(Records supplied Opens)

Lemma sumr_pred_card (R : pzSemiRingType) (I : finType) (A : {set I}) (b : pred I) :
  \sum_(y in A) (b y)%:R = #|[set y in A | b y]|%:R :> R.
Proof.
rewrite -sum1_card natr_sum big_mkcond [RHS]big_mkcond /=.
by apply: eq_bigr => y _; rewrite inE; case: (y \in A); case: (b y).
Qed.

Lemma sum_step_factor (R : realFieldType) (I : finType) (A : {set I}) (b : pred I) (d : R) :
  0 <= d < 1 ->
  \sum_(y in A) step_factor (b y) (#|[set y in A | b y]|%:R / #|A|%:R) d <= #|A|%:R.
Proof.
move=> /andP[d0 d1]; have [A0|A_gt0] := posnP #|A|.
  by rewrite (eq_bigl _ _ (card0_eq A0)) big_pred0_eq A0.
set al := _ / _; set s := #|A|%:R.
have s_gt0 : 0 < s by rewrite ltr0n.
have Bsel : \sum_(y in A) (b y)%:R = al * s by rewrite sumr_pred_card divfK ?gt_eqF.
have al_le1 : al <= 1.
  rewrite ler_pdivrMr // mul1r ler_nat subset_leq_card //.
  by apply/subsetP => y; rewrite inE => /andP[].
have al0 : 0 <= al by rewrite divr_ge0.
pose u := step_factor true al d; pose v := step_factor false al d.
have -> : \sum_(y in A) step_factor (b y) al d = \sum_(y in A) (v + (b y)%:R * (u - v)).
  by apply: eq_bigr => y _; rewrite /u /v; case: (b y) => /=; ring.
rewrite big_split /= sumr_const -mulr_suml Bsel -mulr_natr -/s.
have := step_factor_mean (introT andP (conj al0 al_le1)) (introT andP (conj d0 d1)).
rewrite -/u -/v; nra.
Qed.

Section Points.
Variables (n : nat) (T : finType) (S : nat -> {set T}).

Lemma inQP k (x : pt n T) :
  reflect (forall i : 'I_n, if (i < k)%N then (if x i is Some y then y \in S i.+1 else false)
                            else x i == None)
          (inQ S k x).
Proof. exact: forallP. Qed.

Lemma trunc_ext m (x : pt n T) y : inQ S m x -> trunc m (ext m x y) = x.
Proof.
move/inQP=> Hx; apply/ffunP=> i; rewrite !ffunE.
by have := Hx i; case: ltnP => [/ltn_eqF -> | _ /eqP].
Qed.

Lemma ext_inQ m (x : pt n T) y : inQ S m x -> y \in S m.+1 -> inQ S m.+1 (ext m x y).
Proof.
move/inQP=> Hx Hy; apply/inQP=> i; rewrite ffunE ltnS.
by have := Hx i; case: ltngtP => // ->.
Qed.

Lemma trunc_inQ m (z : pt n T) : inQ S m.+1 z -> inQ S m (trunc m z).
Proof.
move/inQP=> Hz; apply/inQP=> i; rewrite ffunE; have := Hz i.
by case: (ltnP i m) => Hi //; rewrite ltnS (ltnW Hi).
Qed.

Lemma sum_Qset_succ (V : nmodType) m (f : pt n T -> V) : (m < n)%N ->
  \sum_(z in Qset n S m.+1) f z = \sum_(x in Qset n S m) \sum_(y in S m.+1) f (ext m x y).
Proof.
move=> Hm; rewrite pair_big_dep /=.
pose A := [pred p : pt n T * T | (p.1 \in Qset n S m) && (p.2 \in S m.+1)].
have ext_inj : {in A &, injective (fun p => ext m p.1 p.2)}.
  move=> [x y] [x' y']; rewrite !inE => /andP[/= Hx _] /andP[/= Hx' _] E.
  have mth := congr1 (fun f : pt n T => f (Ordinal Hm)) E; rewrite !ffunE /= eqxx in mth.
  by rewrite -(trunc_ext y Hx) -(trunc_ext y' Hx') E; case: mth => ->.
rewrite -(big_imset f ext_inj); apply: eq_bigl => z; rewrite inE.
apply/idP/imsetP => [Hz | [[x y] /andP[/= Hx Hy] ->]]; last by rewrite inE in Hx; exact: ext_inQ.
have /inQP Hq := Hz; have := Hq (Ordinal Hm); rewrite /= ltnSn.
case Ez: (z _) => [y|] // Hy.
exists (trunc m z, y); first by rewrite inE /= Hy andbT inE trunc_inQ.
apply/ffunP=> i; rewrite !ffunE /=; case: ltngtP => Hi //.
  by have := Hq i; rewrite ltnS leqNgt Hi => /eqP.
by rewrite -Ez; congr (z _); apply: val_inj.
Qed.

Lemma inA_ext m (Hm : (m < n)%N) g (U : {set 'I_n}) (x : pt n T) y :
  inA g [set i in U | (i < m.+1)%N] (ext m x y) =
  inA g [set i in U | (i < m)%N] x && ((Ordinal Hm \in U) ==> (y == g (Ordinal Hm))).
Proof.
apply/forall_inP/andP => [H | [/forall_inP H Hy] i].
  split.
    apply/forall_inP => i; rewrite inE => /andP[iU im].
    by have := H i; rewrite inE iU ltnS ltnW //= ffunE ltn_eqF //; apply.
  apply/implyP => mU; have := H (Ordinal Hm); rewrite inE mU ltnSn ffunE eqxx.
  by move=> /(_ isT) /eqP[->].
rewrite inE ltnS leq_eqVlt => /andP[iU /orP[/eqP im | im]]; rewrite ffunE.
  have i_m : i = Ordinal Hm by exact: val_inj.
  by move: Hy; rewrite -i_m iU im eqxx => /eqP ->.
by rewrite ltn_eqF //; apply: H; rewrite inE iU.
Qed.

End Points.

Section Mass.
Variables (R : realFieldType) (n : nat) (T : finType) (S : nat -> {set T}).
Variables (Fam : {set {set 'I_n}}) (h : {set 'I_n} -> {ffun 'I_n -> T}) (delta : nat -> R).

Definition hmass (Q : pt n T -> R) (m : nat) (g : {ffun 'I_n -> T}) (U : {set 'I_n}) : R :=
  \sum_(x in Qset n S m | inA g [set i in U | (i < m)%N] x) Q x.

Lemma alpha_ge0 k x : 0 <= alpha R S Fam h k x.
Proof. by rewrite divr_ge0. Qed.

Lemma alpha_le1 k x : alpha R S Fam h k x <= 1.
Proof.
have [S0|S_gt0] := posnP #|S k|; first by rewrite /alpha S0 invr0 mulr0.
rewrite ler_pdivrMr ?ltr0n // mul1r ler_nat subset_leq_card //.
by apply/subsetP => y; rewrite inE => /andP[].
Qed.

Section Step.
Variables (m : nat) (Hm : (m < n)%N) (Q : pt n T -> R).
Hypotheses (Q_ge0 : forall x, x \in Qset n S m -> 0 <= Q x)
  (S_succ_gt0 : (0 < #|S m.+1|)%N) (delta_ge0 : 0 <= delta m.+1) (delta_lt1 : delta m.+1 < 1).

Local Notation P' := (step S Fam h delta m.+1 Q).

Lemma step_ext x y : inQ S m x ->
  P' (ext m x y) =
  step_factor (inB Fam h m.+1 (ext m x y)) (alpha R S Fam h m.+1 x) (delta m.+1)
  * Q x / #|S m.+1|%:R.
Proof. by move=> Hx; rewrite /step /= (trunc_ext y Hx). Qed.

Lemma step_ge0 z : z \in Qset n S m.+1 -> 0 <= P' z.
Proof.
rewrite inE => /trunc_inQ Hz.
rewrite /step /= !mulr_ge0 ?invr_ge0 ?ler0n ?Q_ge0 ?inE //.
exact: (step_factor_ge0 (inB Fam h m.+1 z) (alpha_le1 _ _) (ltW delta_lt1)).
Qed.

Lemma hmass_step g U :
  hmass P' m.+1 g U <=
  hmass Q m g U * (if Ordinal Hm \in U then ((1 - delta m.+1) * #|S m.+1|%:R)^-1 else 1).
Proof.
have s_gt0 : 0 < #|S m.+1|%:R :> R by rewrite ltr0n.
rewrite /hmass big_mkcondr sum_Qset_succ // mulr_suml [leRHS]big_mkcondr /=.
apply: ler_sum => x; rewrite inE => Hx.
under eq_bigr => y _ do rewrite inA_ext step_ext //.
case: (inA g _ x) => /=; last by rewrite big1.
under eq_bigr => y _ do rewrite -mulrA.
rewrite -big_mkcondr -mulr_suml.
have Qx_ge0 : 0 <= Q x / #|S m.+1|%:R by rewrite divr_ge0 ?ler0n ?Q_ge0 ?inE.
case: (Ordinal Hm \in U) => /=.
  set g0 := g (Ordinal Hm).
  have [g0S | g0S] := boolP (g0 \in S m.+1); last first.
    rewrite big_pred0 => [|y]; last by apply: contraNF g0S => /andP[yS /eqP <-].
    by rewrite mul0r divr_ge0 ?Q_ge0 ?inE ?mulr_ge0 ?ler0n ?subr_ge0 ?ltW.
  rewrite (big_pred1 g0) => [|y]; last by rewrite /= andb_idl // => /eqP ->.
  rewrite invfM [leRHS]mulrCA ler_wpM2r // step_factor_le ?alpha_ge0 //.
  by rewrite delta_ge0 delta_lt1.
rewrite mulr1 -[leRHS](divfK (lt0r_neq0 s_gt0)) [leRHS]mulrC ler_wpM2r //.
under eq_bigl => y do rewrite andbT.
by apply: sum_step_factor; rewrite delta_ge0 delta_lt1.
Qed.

(Records supplied Closes)

**Assigned task**
From the listing above, the lines starting with the one that has "apply/idP/imsetP => [Hz" and running through the one that has "apply/ffunP=> i; rewrite !ffunE /=;" should be copied exactly, ends included.

**Solution to this exercise**
apply/idP/imsetP => [Hz | [[x y] /andP[/= Hx Hy] ->]]; last by rewrite inE in Hx; exact: ext_inQ.
have /inQP Hq := Hz; have := Hq (Ordinal Hm); rewrite /= ltnSn.
case Ez: (z _) => [y|] // Hy.
exists (trunc m z, y); first by rewrite inE /= Hy andbT inE trunc_inQ.
apply/ffunP=> i; rewrite !ffunE /=; case: ltngtP => Hi //.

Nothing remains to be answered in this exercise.